Owner Mary Whitford says the local office crowd bypasses nearby fast food restaurants for her healthier lunch options like avocado and cucumber sandwiches, tofu burgers, ham and cheese, and tuna sandwiches ($5.75 to $6.95). I made a note to return for lunch.
Whitford, who has owned this store for 26 years, believes she’s the first to serve juices and smoothies in the area. The drinks are delicious, made with fresh fruits and vegetables and a natural fructose-based sweetener. Smoothies ($3.70 to $6.30) come in a wide variety of flavors ranging from peanut butter and chocolate to citrus to razzleberry and mango. My orange and pineapple shake ($3.90/16 ounces) was a refreshing blend of fruit and yogurt that made for a perfect afternoon pick-me-up.

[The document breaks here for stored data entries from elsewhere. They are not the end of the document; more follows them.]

Lemma diaLe_boxLe_of_DB_invariant phi psi :
  DB_invariant (Imp (B psi) (B phi)) -> L (Imp (D (B psi)) (D (B phi))).
Proof.
move=> H.
pose r := And psi (B (Neg (B phi))).
have := H (@Var n) r; rewrite subst_Var => Hr.
have inconsistent : L (Imp (D (B (And r (Imp (B psi) (B phi))))) Bot).
  apply: (L_trans HL _ diaLe_bot); apply: diaLe_mono.
  have H1 := boxLe_refl (And r (Imp (B psi) (B phi))).
  have /boxLe_mono H2 : L (Imp (And r (Imp (B psi) (B phi))) psi) by ptauto.
  have H3 := boxLe_refl (Neg (B phi)).
  by add_premise H1; add_premise H2; add_premise H3; ptauto.
have reach_r : L (Imp (D (B psi)) (Imp (Neg (D (B phi))) (D (B r)))).
  have /diaLe_mono H1 : L (Imp (Neg (Neg (B phi))) (B phi)) by ptauto.
  have H2 := boxLe_trans (Neg (B phi)).
  have H3 := boxLe_trans (B (Neg (B phi))).
  have H4 := diaLe_K (B psi) (B (B (Neg (B phi)))).
  have /diaLe_mono H5 : L (Imp (And (B psi) (B (B (Neg (B phi))))) (B r)).
    by have H6 := boxLe_and psi (B (Neg (B phi))); add_premise H6; ptauto.
  by add_premise H1; add_premise H2; add_premise H3; add_premise H4; add_premise H5; ptauto.
by add_premise Hr; add_premise inconsistent; add_premise reach_r; ptauto.
Qed.

Section Symmetric.
Hypothesis Hsym : forall a, L (Imp a (B (D a))).

Lemma boxLe_imp_of_diaLe_boxLe phi psi :
  L (Imp (D (B psi)) (D (B phi))) -> L (Imp (B psi) (B phi)).
Proof.
move=> H.
have H1 := diaLe_refl (B psi).
have H2 := Hsym (D (B phi)).
have /boxLe_mono H3 := diaLe_trans (B phi).
(* [B (D (Neg phi))] is literally [Neg (D (B phi))]. *)
have H4 : L (Imp (Neg phi) (Neg (D (B phi)))) := Hsym (Neg phi).
have /boxLe_mono H5 : L (Imp (D (B phi)) phi) by add_premise H4; ptauto.
by add_premise H1; add_premise H; add_premise H2; add_premise H3; add_premise H5; ptauto.
Qed.

End Symmetric.

End Pretransitive.

Lemma deriv_normal n (G : form n -> Prop) : normal_logic (deriv G).
Proof.
move=> a; elim=> {a} [//|a b|a b c|a|i a b|a b _ Hab _ Ha|i a _ Ha|s a _ Ha].
- exact: d_A1.
- exact: d_A2.
- exact: d_A3.
- exact: d_K.
- exact: d_MP Hab Ha.
- exact: d_Nec.
- exact: d_Sub.
Qed.

Lemma L1_boxLe_diaLe n (L : form n -> Prop) m a :
  L1_prov L m (Imp a (boxLe m (diaLe m a))).
Proof.
have HL1 : normal_logic (L1_prov L m) := @deriv_normal n _.
have := d_Sub (fun _ => a) (d_hyp (or_intror (erefl (B1 n m))) : L1_prov L m _).
rewrite subst_B1 => H.
have /(boxLe_mono m HL1) H' : L1_prov L m (Imp (Or (diaLe m a) Bot) (diaLe m a)) by ptauto.
exact (L_trans HL1 H H').
Qed.

Theorem theorem3p6 (n : nat) (L : form n -> Prop) (m : nat) :
  normal_logic L -> least_pretrans L m ->
  forall phi psi : form n,
    L1_prov L m (Imp (boxLe m psi) (boxLe m phi)) <->
    L (Imp (diaLe m (boxLe m psi)) (diaLe m (boxLe m phi))).
Proof.
move=> HL [Hpt _] phi psi; split=> [/(L1_DB_invariant HL Hpt)|H].
  exact: diaLe_boxLe_of_DB_invariant m HL Hpt _ _.
have HL1 : normal_logic (L1_prov L m) := @deriv_normal n _.
have Hpt1 : pretrans_at (L1_prov L m) m := d_hyp (or_introl Hpt).
exact: boxLe_imp_of_diaLe_boxLe m HL1 Hpt1 (@L1_boxLe_diaLe n L m) _ _ (d_hyp (or_introl H)).
Qed.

My next stop was Royal Deli & Bakery (952 Park Row, 757-7930). Alex and Olga Castellanos are relative newcomers on the block, having owned the storefront occupied for decades by Betty’s Pies for barely three years.
A quick glance at the menu shows that sandwiches, salads and quiches are available, but the main attraction here is the buttery, made-from-scratch baked goods.
Alex worked for various European bakeries and restaurants on the Peninsula, including Pacific Grove’s Patisserie Bechler and Paris Bakery in Monterey, before striking out on his own. And the large glass showcase of pastries and cakes is a tempting testament to his 20-plus years of experience.
To my left, brownies, macaroons, croissants, danishes, and raspberry thumbprint cookies were on display. On my right, slices of cheesecake, tiramisu and opera cake beckoned, “Pick me. Pick me!” The best part? Nothing costs more than $2.50 a piece. Cake is available for $2 a slice – full cakes run $12 to $100 for delicious sheets serving up to 80.
My favorites were the Fraiser – moist sponge cake layered with light and fluffy mousseline, fresh strawberries, and marzipan – and the Opera, a treble clef stamped atop the smooth chocolate glaze with strata of espresso buttercream, chocolate ganache and almond joconde (an almost brittle sponge cake). Alex proudly declares his coconut macaroons some of the best in Monterey. As my teeth sank into the crunchy crust of the not-too sweet macaroon and reached the moist and chewy interior, I found myself agreeing with him.